Decoupled Vision-Language Deployment support?
https://arxiv.org/abs/2508.18265
how to use dvd , does lmdeploy support it?
Hi, the DvD reported in the InternVL3.5 does not use LMDeploy as the inference backend. But we plan to support similar features in LMDeploy, please stay tuned.
Will there be a possibility to support decoupled vision-language deployment in vllm or sglang? Is there a roadmap for when the flash version will be released? is it possible use fp8 instead bf16 in decoupled vision-language deployment
Will there be a possibility to support decoupled vision-language deployment in vllm or sglang? Is there a roadmap for when the flash version will be released? is it possible use fp8 instead bf16 in decoupled vision-language deployment
- We will support decoupled vision-language deployment in LMDeploy, not in vllm / sglang. For vllm / sglang DvD support, you may consult the vLLM / SGLang team for help.

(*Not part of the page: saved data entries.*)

(* Let $\{a_j\}\subset\mathbb{C}$ be a sequence of (not necessarily distinct) points in the open upper half plane, with $|a_1|\le|a_2|\le\cdots$, and suppose that for some constants $C_0$ and $\rho$, $$n(r)=\#\{j: |a_j|\le r\}\le C_0 r^\rho\quad\text{when } r\ge 1.$$ Suppose $\rho>0$ is not an integer, let $p$ be the greatest integer less than $\rho$, and set $$f(z)=\prod_{n=1}^\infty\frac{E_p(z/\overline{a_n})}{E_p(z/a_n)}.$$ Then for $x\in\mathbb{R}$, $$\left|\int_0^x\frac{f'(t)}{f(t)}\,dt\right|=O(|x|^\rho)\quad\text{as } |x|\to\infty.$$
   Context: The canonical factors are $E_0(z)=1-z$ and, for $p\in\mathbb{N}$, $E_p(z)=(1-z)\exp\!\big(z+z^2/2+\cdots+z^p/p\big)$. *)

From Stdlib Require Import Reals List.
From Coquelicot Require Import Coquelicot.
Open Scope R_scope.

Definition cexp (z : C) : C :=
  (exp (Re z) * cos (Im z), exp (Re z) * sin (Im z)).

Fixpoint cpow (z : C) (k : nat) : C :=
  match k with O => 1%C | S k' => (z * cpow z k')%C end.

Fixpoint canon_sum (p : nat) (z : C) : C :=
  match p with
  | O => 0%C
  | S q => (canon_sum q z + cpow z (S q) / RtoC (INR (S q)))%C
  end.

Definition E (p : nat) (z : C) : C := ((1 - z) * cexp (canon_sum p z))%C.

(* Partial product  prod_{n < N} E_p(z / conj a_n) / E_p(z / a_n)  (the sequence a is 0-indexed). *)
Fixpoint partial_prod (p : nat) (a : nat -> C) (N : nat) (z : C) : C :=
  match N with
  | O => 1%C
  | S M => (partial_prod p a M z * (E p (z / Cconj (a M)) / E p (z / a M)))%C
  end.

From Stdlib Require Import Reals List ZArith Lra Lia FunctionalExtensionality.
From Coquelicot Require Import Coquelicot.
Open Scope R_scope.

(* On the real axis the quotient [E_p(t/ā) / E_p(t/a)] has modulus one: it is [cis] of a
   phase made of twice the angle of [1 - t/a] (an arctangent difference) minus
   [2 Im (t/a + ... + (t/a)^p/p)].  Hence [f(t) = cis (G t)] with [G] the sum of these phases
   over the zeros, and the integral of [f'/f] from [0] to [x] is [i G(x)].
   The phase at [x] is at most a constant times [(|x|/|a|)^p] and also times
   [(|x|/|a|)^(p+1)], while the counting hypothesis gives [|a_n| ≥ c n^(1/ρ)].  Using the
   first bound for [n ≤ (|x|/c)^ρ] and the second beyond, [|G(x)| = O(|x|^ρ)] because
   [p < ρ < p + 1].  Comparable bounds on the derivatives of the phases make their series
   converge normally on bounded intervals, so [G] may be differentiated term by term. *)

Lemma Rpower_pos x y : 0 < Rpower x y.
Proof. apply exp_pos. Qed.

Lemma Rpower_1_l y : Rpower 1 y = 1.
Proof. unfold Rpower; rewrite ln_1, Rmult_0_r; apply exp_0. Qed.

Lemma Rpower_le_nonpos x y e : 0 < x <= y -> e <= 0 -> Rpower y e <= Rpower x e.
Proof.
  intros Hxy He.
  replace e with (- (- e)) by ring.
  rewrite (Rpower_Ropp y (- e)), (Rpower_Ropp x (- e)).
  apply Rinv_le_contravar; [apply Rpower_pos | apply Rle_Rpower_l; lra].
Qed.

(* By the mean value theorem the right-hand side is [ξ^(-s)] for some [ξ] in [(t, t + 1)]. *)
Lemma Rpower_step_le s t : 0 <= s -> s <> 1 -> 0 < t ->
  Rpower (t + 1) (- s) <= (Rpower (t + 1) (1 - s) - Rpower t (1 - s)) / (1 - s).
Proof.
  intros Hs Hs1 Ht.
  destruct (MVT_cor2 (fun x => Rpower x (1 - s)) (fun x => (1 - s) * Rpower x (1 - s - 1))
              t (t + 1)) as [xi [Hdiff Hxi]]; [lra| |].
  { intros x Hx. apply derivable_pt_lim_power. lra. }
  rewrite Hdiff. replace (1 - s - 1) with (- s) by ring.
  replace ((1 - s) * Rpower xi (- s) * (t + 1 - t) / (1 - s)) with (Rpower xi (- s))
    by (field; lra).
  apply Rpower_le_nonpos; lra.
Qed.

Lemma INR_up_to_nat X : 0 < X -> X < INR (Z.to_nat (up X)) /\ INR (Z.to_nat (up X)) <= X + 1.
Proof.
  intros HX. destruct (archimed X) as [Hup1 Hup2].
  assert (0 <= up X)%Z by (apply le_IZR; lra).
  rewrite INR_IZR_INZ, Z2Nat.id by assumption. lra.
Qed.

Lemma pow_mult_Rpower_head (Y rho : R) (p N : nat) : 1 <= Y -> INR p < rho ->
  INR N <= 2 * Rpower Y rho -> 0 < INR N ->
  Y ^ p * Rpower (INR N) (1 - INR p / rho) <= 2 * Rpower Y rho.
Proof.
  intros HY Hp HN HN0. pose proof (pos_INR p).
  assert (Hsig : 0 <= 1 - INR p / rho <= 1).
  { assert (INR p / rho < 1) by (apply (proj1 (Rdiv_lt_1 (INR p) rho ltac:(lra))); lra).
    assert (0 <= INR p / rho) by (apply Rdiv_le_0_compat; lra). lra. }
  assert (Hsplit : Rpower Y (INR p) * Rpower Y (rho * (1 - INR p / rho)) = Rpower Y rho).
  { rewrite <- Rpower_plus. f_equal. field. lra. }
  assert (Hpow2 : Rpower 2 (1 - INR p / rho) <= 2).
  { rewrite <- (Rpower_1 2) at 2 by lra. apply Rle_Rpower; lra. }
  assert (HNpow : Rpower (INR N) (1 - INR p / rho) <= 2 * Rpower Y (rho * (1 - INR p / rho))).
  { eapply Rle_trans; [apply Rle_Rpower_l; [lra | split; [exact HN0 | exact HN]]|].
    rewrite <- Rpower_mult_distr, Rpower_mult by (lra || apply Rpower_pos).
    apply Rmult_le_compat_r; [left; apply Rpower_pos | exact Hpow2]. }
  rewrite <- (Rpower_pow p Y) by lra.
  pose proof (Rpower_pos Y (INR p)). rewrite <- Hsplit. nra.
Qed.

Lemma pow_mult_Rpower_tail (Y rho : R) (p N : nat) : 0 < Y -> 0 < rho -> rho < INR (S p) ->
  Rpower Y rho <= INR N ->
  Y ^ S p * Rpower (INR N) (1 - INR (S p) / rho) <= Rpower Y rho.
Proof.
  intros HY Hrho Hp HN.
  assert (Hs : 1 - INR (S p) / rho <= 0).
  { assert (1 < INR (S p) / rho) by (apply (proj1 (Rlt_div_r _ _ _ Hrho)); lra).
    lra. }
  assert (Hsplit : Rpower Y (INR (S p)) * Rpower Y (rho * (1 - INR (S p) / rho)) = Rpower Y rho).
  { rewrite <- Rpower_plus. f_equal. field. lra. }
  assert (HNpow : Rpower (INR N) (1 - INR (S p) / rho) <= Rpower Y (rho * (1 - INR (S p) / rho))).
  { rewrite <- Rpower_mult. apply Rpower_le_nonpos; [split; [apply Rpower_pos | exact HN] | exact Hs]. }
  rewrite <- (Rpower_pow (S p) Y) by lra.
  pose proof (Rpower_pos Y (INR (S p))). rewrite <- Hsplit. nra.
Qed.

Fixpoint sumN (F : nat -> R) (N : nat) : R :=
  match N with O => 0 | S M => sumN F M + F M end.

Lemma sum_f_R0_sumN F N : sum_f_R0 F N = sumN F (S N).
Proof. induction N as [|N IH]; simpl in *; [ring | rewrite IH; ring]. Qed.

Lemma sumN_ext F G N : (forall n, F n = G n) -> sumN F N = sumN G N.
Proof. intros H; induction N as [|N IH]; simpl; [|rewrite IH, H]; reflexivity. Qed.

Lemma sumN_le F G N : (forall n, (n < N)%nat -> F n <= G n) -> sumN F N <= sumN G N.
Proof.
  induction N as [|N IH]; intros H; simpl; [lra|].
  assert (sumN F N <= sumN G N) by (apply IH; intros; apply H; lia).
  assert (F N <= G N) by (apply H; lia). lra.
Qed.

Lemma sumN_nonneg F N : (forall n, 0 <= F n) -> 0 <= sumN F N.
Proof. intros H; induction N as [|N IH]; simpl; [lra|]. specialize (H N); lra. Qed.

Lemma sumN_scal c F N : sumN (fun n => c * F n) N = c * sumN F N.
Proof. induction N as [|N IH]; simpl; [|rewrite IH]; ring. Qed.

Lemma sumN_plus F G N : sumN (fun n => F n + G n) N = sumN F N + sumN G N.
Proof. induction N as [|N IH]; simpl; [|rewrite IH]; ring. Qed.

Lemma sumN_const c N : sumN (fun _ => c) N = INR N * c.
Proof. induction N as [|N IH]; cbn [sumN]; [simpl | rewrite IH, S_INR]; ring. Qed.

Lemma Rabs_sumN_le F N : Rabs (sumN F N) <= sumN (fun n => Rabs (F n)) N.
Proof.
  induction N as [|N IH]; simpl; [rewrite Rabs_R0; lra|].
  eapply Rle_trans; [apply Rabs_triang | lra].
Qed.

Lemma sumN_add F N M : sumN F (N + M) = sumN F N + sumN (fun k => F (N + k)%nat) M.
Proof.
  induction M as [|M IH]; cbn [sumN]; [rewrite Nat.add_0_r; ring|].
  rewrite Nat.add_succ_r; cbn [sumN]; rewrite IH; ring.
Qed.

Lemma sumN_mono F N M : (forall n, 0 <= F n) -> (N <= M)%nat -> sumN F N <= sumN F M.
Proof.
  intros H HNM. replace M with (N + (M - N))%nat by lia. rewrite sumN_add.
  pose proof (sumN_nonneg (fun k => F (N + k)%nat) (M - N) (fun k => H _)). lra.
Qed.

- We expect to provide a draft version in September. Please stay tuned.
- We will first consider bf16, but I think DvD is independent of the precision format. Whether the model uses bf16 or fp8 depends on the model weights themselves.

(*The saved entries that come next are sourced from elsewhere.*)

(* There is an algorithm that, given integers $p,q\ge1$, decides whether there exist antipalindromic numbers $A,B$ with $p/q=A/B$.
   Context: A positive integer $n$ is antipalindromic if its binary representation $w=w_1\cdots w_L$ (most significant digit first, no leading zeros) has even length $L$ and satisfies $w_i+w_{L+1-i}=1$ for all $i$. *)

From mathcomp Require Import all_boot.
Set Implicit Arguments. Unset Strict Implicit. Unset Printing Implicit Defensive.

Definition bit (i n : nat) : nat := odd (n %/ 2 ^ i).

(* n is antipalindromic: its binary representation w_1..w_L (MSB first, no
   leading zeros) has even length L and w_i + w_{L+1-i} = 1.  With LSB-first
   indices j = L - i, the condition reads bit j n + bit (L-1-j) n = 1. *)
Definition antipalindromic (n : nat) : Prop :=
  exists L : nat, ~~ odd L /\ 2 ^ L.-1 <= n < 2 ^ L /\
    forall j, j < L -> bit j n + bit (L.-1 - j) n = 1.

(* A model of computation: partial (mu-)recursive functions, used to state
   "there is an algorithm" without it being trivialized by classical axioms. *)
Inductive rec : Type :=
| RZero : rec
| RSucc : rec
| RProj : nat -> rec
| RComp : rec -> list rec -> rec
| RPrimRec : rec -> rec -> rec
| RMu : rec -> rec.

Inductive eval : rec -> seq nat -> nat -> Prop :=
| ev_zero xs : eval RZero xs 0
| ev_succ x xs : eval RSucc (x :: xs) x.+1
| ev_proj i xs : i < size xs -> eval (RProj i) xs (nth 0 xs i)
| ev_comp f gs xs ys y :
    evals gs xs ys -> eval f ys y -> eval (RComp f gs) xs y
| ev_pr0 f g xs y : eval f xs y -> eval (RPrimRec f g) (0 :: xs) y
| ev_prS f g n xs r y :
    eval (RPrimRec f g) (n :: xs) r -> eval g (n :: r :: xs) y ->
    eval (RPrimRec f g) (n.+1 :: xs) y
| ev_mu f xs n :
    eval f (n :: xs) 0 ->
    (forall m, m < n -> exists k, 0 < k /\ eval f (m :: xs) k) ->
    eval (RMu f) xs n
with evals : list rec -> seq nat -> seq nat -> Prop :=
| evs_nil xs : evals nil xs nil
| evs_cons g gs xs y ys :
    eval g xs y -> evals gs xs ys -> evals (g :: gs) xs (y :: ys).

From Stdlib Require Import ZArith Lia.
From mathcomp Require Import all_boot zify.
Set Implicit Arguments. Unset Strict Implicit. Unset Printing Implicit Defensive.

(* Read an antipalindromic number of length 2m as a word u of length m followed
   by its reversed complement. If p * A(u) = q * A(w) with |u| <= |w|, compare
   the two sides bit by bit from both ends at once: after i steps, all that the
   rest of the comparison needs is a carry coming from the low end and an excess
   coming from the high end, and both are bounded in terms of p and q. When |u|
   exceeds the number (p + q)(q + 4p) of such states, two positions i < j have
   the same state, and deleting positions i..j-1 from both u and w leaves a
   smaller solution. As moreover q * 4^(|w| - |u|) < 2p, a solution exists iff
   one exists below an explicit bound in p and q, so a bounded search, written
   as a primitive recursive program, decides the question. *)

(** * Binary words *)

Fixpoint nat_of_bits (s : seq bool) : nat :=
  if s is b :: s' then b + 2 * nat_of_bits s' else 0.

Lemma nat_of_bits_cat s t :
  nat_of_bits (s ++ t) = nat_of_bits s + 2 ^ size s * nat_of_bits t.
Proof. by elim: s => [|b s IHs] /=; rewrite ?mul1n ?add0n // IHs expnS; lia. Qed.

When DVD support arrives, will flash versions of Internvl3_5 also be released? Will Lmdeploy support the flash version when running with DVD? It was written that the 3_5 flash patch router will determine the compression level. Will we be able to control the compression of this patch router via Lmdeploy? I really want to know is, will I be able to use the DVD and flash version with Lmdeploy to get the maximum speed?
When DVD support arrives, will flash versions of Internvl3_5 also be released? Will Lmdeploy support the flash version when running with DVD? It was written that the 3_5 flash patch router will determine the compression level. Will we be able to control the compression of this patch router via Lmdeploy? I really want to know is, will I be able to use the DVD and flash version with Lmdeploy to get the maximum speed?
- As reported by the IntenVL Team in the documentation
The Flash version of our model will be released as soon as possible.
And once it has been released, LMDeploy will support it as fast as we can.
- Yes, you will be able to use LMDeploy to achieve the maximum speed for the InternVL series. But since the Flash version model weights have not been open-sourced yet (which should contain the trained router weights as well), please wait for related updates.